Eckersley-Maslin is quick to point out that in her first pregnancy, a new postdoc in the lab helped maintain her project. The handover was smooth and the experience positive. But having a roving researcher was even better: “I’ve had one maternity leave with, and one without. And the one with the scheme was by far a lot better,” she says. “I felt more connected.”
Stammers has now worked with 9 scientists on leave, usually for around 6 months, she says. At any one time she can be covering for two or perhaps three researchers. She has learned many new techniques and honed her time management skills.
Her goal is to have at least 2 weeks’ overlap before the researcher goes on leave. This ensures Stammers has a good idea about the experiments she will be taking over. “The hardest thing is getting people to be really specific about protocols and writing good protocols,” she says. She also plans a gradual handover once they return.

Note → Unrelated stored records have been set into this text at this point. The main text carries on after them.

Lemma chips_potential t j :
  (tr (cs t) j)%:R = (crit rr u j)%:R
    + ((natrow xs - natrow (firings ms t)) *m laplacian) 0 j
    - (m%:R - (addchips ms t)%:R) * (j == u)%:R.
Proof.
have /rowP /(_ j) := chip_balance init (fun s _ => steps s) (t := t).
rewrite mulmxBl potential; move: (natrow (firings ms t) *m laplacian) => FL.
rewrite !mxE /= => E.
by rewrite -(addrK (FL 0 j) (tr (cs t) j)%:R) E; ring.
Qed.

Lemma fire_within_potential t i :
  (forall j, (firings ms t j <= xs j)%N) -> (addchips ms t < m)%N ->
  ms t = Fire i -> (firings ms t i < xs i)%N.
Proof.
move=> below M_lt ms_t; rewrite ltn_neqAle below andbT; apply/eqP => F_i.
have := steps t; rewrite ms_t => -[rr_le _].
set d := natrow xs - natrow (firings ms t).
have d_ge0 j : 0 <= d 0 j by rewrite !mxE subr_ge0 ler_nat.
have d_i0 : d 0 i = 0 by rewrite !mxE F_i subrr.
have dL_le0 : (d *m laplacian) 0 i <= 0.
  rewrite mulmx_laplacian d_i0 mul0r sub0r oppr_le0.
  by apply: sumr_ge0 => k _; rewrite mulr_ge0 ?ler0n.
have K_ge1 : 1 <= m%:R - (addchips ms t)%:R :> rat.
  by rewrite lerBrDr addrC natr1 ler_nat.
have := chips_potential t i; rewrite critE -/d.
have : (rr i)%:R <= (tr (cs t) i)%:R :> rat by rewrite ler_nat.
by case: eqP => _ /=; rewrite ?mulr1n ?mulr0n; lra.
Qed.

Lemma last_chip_stops t :
  (forall j, (firings ms t j <= xs j)%N) -> ms t = AddChip ->
  (addchips ms t).+1 = m -> stops rr u (ms t) (cs t.+1).
Proof.
move=> below ms_t M_last; split=> // j.
have := steps t; rewrite ms_t => -[tr_lt [trE _]].
have M_t1 : addchips ms t.+1 = m by rewrite /addchips big_ord_recr ms_t /= addn1.
have F_t1 j' : firings ms t.+1 j' = firings ms t j'.
  by rewrite /firings big_ord_recr ms_t /= addn0.
set d := natrow xs - natrow (firings ms t.+1).
have d_ge0 j' : 0 <= d 0 j' by rewrite !mxE subr_ge0 ler_nat F_t1.
have dL_le0 j' : (d *m laplacian) 0 j' <= 0.
  have := chips_potential t.+1 j'; rewrite M_t1 subrr mul0r subr0 critE trE natrD.
  have : (tr (cs t) j')%:R + 1 <= (rr j')%:R :> rat by rewrite natr1 ler_nat.
  lra.
apply/eqP; rewrite -(eqr_nat rat) chips_potential M_t1 -/d.
by rewrite (laplacian_row_eq0 d_ge0 dL_le0) mul0mx mxE subrr mul0r addr0 subr0.
Qed.

Lemma run_within_potential t :
  (exists2 s, (s < t)%N & stops rr u (ms s) (cs s.+1)) \/
  ((forall j, (firings ms t j <= xs j)%N) /\ (addchips ms t < m)%N).
Proof.
elim: t => [|t [[s lt_st stop] | [below M_lt]]].
- by right; split=> [j|]; rewrite /firings /addchips big_ord0.
- by left; exists s => //; apply: ltnW.
case ms_t: (ms t) => [i|].
  right; split=> [j|]; last by rewrite /addchips big_ord_recr ms_t /= addn0.
  rewrite /firings big_ord_recr ms_t /=; case: (eqVneq i j) => [<-|_].
    by rewrite addn1 (fire_within_potential below M_lt ms_t).
  by rewrite addn0 below.
have M_t1 : addchips ms t.+1 = (addchips ms t).+1.
  by rewrite /addchips big_ord_recr ms_t /= addn1.
case: (ltnP (addchips ms t).+1 m) => [M_lt' | M_ge].
  right; split=> [j|]; last by rewrite M_t1.
  by rewrite /firings big_ord_recr ms_t /= addn0 below.
left; exists t => //; apply: last_chip_stops => //.
by apply/eqP; rewrite eqn_leq M_ge M_lt.
Qed.

Lemma potential_run_stops : exists t, stops rr u (ms t) (cs t.+1).
Proof.
pose T := (\sum_j xs j + m)%N.
have [[s _ stop] | [below M_lt]] := run_within_potential T; first by exists s.
have := count_moves ms T; have : (\sum_j firings ms T j <= \sum_j xs j)%N.
  by apply: leq_sum => j _; apply: below.
move: M_lt; rewrite /T; lia.
Qed.

End Termination.

End AbsorbingChain.

Unset Implicit Arguments.

Theorem mainTheorem1 (r a : nat) (rr : 'I_r -> nat) (rT : 'I_r -> 'I_r -> nat)
    (rA : 'I_r -> 'I_a -> nat) (u : 'I_r)
    (rr_pos : forall i, (0 < rr i)%N)
    (rows : forall i, (\sum_j rT i j + \sum_k rA i k)%N = rr i)
    (absorbing : absorbing_reachable rT rA) :
  (forall (ms : nat -> move r) (cs : nat -> config r a),
      is_initial rr u (cs 0%N) ->
      (forall t, step rr rT rA u (cs t) (ms t) (cs t.+1)) ->
      exists t, stops rr u (ms t) (cs t.+1)) /\
  (forall (n : nat) (ms : nat -> move r) (cs : nat -> config r a),
      is_initial rr u (cs 0%N) ->
      (forall t, (t < n)%N -> step rr rT rA u (cs t) (ms t) (cs t.+1)) ->
      (0 < n)%N -> stops rr u (ms n.-1) (cs n) ->
      (forall t, (t.+1 < n)%N -> ~ stops rr u (ms t) (cs t.+1)) ->
      let vu := (\sum_k vcount rA ms n k)%N in
      (0 < vu)%N /\
      (1%:M - Qmx rr rT) \in unitmx /\
      (forall j, Nmx rr rT u j = (wcount rr ms n j)%:R / vu%:R) /\
      (forall k, Bmx rr rT rA u k = (vcount rA ms n k)%:R / vu%:R)).
Proof.
(* Part (b) holds at any recurrence of the critical loading, not only the first. *)
split=> [ms cs init steps | n ms cs init steps n_gt0 [last_add at_crit] _ vu].
  have [m m_gt0 [xs potential]] := laplacian_nat_potential rr_pos rows absorbing u.
  exact: (potential_run_stops rr_pos rows absorbing init steps m_gt0 potential).
have balance : natrow (firings ms n) *m laplacian rr rT =
    (addchips ms n)%:R *: delta_mx 0 u.
  apply: (addrI (natrow (tr (cs n)))); rewrite (chip_balance init steps).
  by congr (_ + _); apply/rowP=> j; rewrite !mxE at_crit.
have M_gt0 : (0 < addchips ms n)%N.
  by rewrite /addchips -(prednK n_gt0) big_ord_recr /= last_add addn1.
rewrite /vu (absorbed_total rows balance); split=> //.
split; first exact: unitmx_IsubQ rr_pos rows absorbing.
split=> [j | k].
  exact: (Nmx_row_balance rr_pos rows absorbing balance M_gt0 j).
exact: (Bmx_row_balance rr_pos rows absorbing balance M_gt0 k).
Qed.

Stammers doesn’t try to fully take over a project. “The aim is to maintain the momentum to do critical tasks that keep things going,” Stammers says. Some researchers want to be closely involved in what Stammers is doing when they are on leave, and others are more hands off, she says.
Smythe says that she has received a lot of interest from other institutions in the UK and beyond about how the roving-researcher role was implemented, especially after she wrote a blog post about it. “Organizations have been in touch with us,” though Smythe hasn’t heard of another program that has been funded and is up and running—yet.
Jessica Lee, director of the Pregnant Scholar Initiative, is impressed by the program. “This is a fantastic idea that will make leave more accessible in practice,” says Lee, who is also a senior staff attorney at the Center for WorkLife Law. “By ensuring the work can continue, such programs reduce the risk a postdoc’s career will be derailed by taking time away due to childbearing or illness. Policies of this sort keep the science moving forward and the workforce healthier—a win for all involved.”
Lee hopes that US institutions take note, especially for externally funded postdocs who are least likely to have paid leave. “Roving researchers are a good solution for institutions looking to improve their postdocs’ quality of life, diversity, and retention,” she says.
Eckersley-Maslin has since moved to Australia, where she is a group leader at the University of Melbourne’s Peter MacCallum Cancer Centre. Her experience of the roving-researcher position inspired her to help implement a similar role in her new job. That program will provide a researcher up to A$10,000 to hire someone to cover for them while on leave.
Now that she is running her own lab, Eckersley-Maslin sees the extended value of having a roving researcher. “It’s not just the person on leave that’s affected. It’s also the whole lab.” Smythe agrees. The roving researcher program benefits everyone, she says. “It’s ensuring that the research is delivered and competitive.”
Katharine Sanderson is a freelance journalist in Cornwall, UK.
This article was updated on March 14, 2022, to correct the Babraham Institute’s affiliation. Babraham is an independent research institute, not one associated with the University of Cambridge.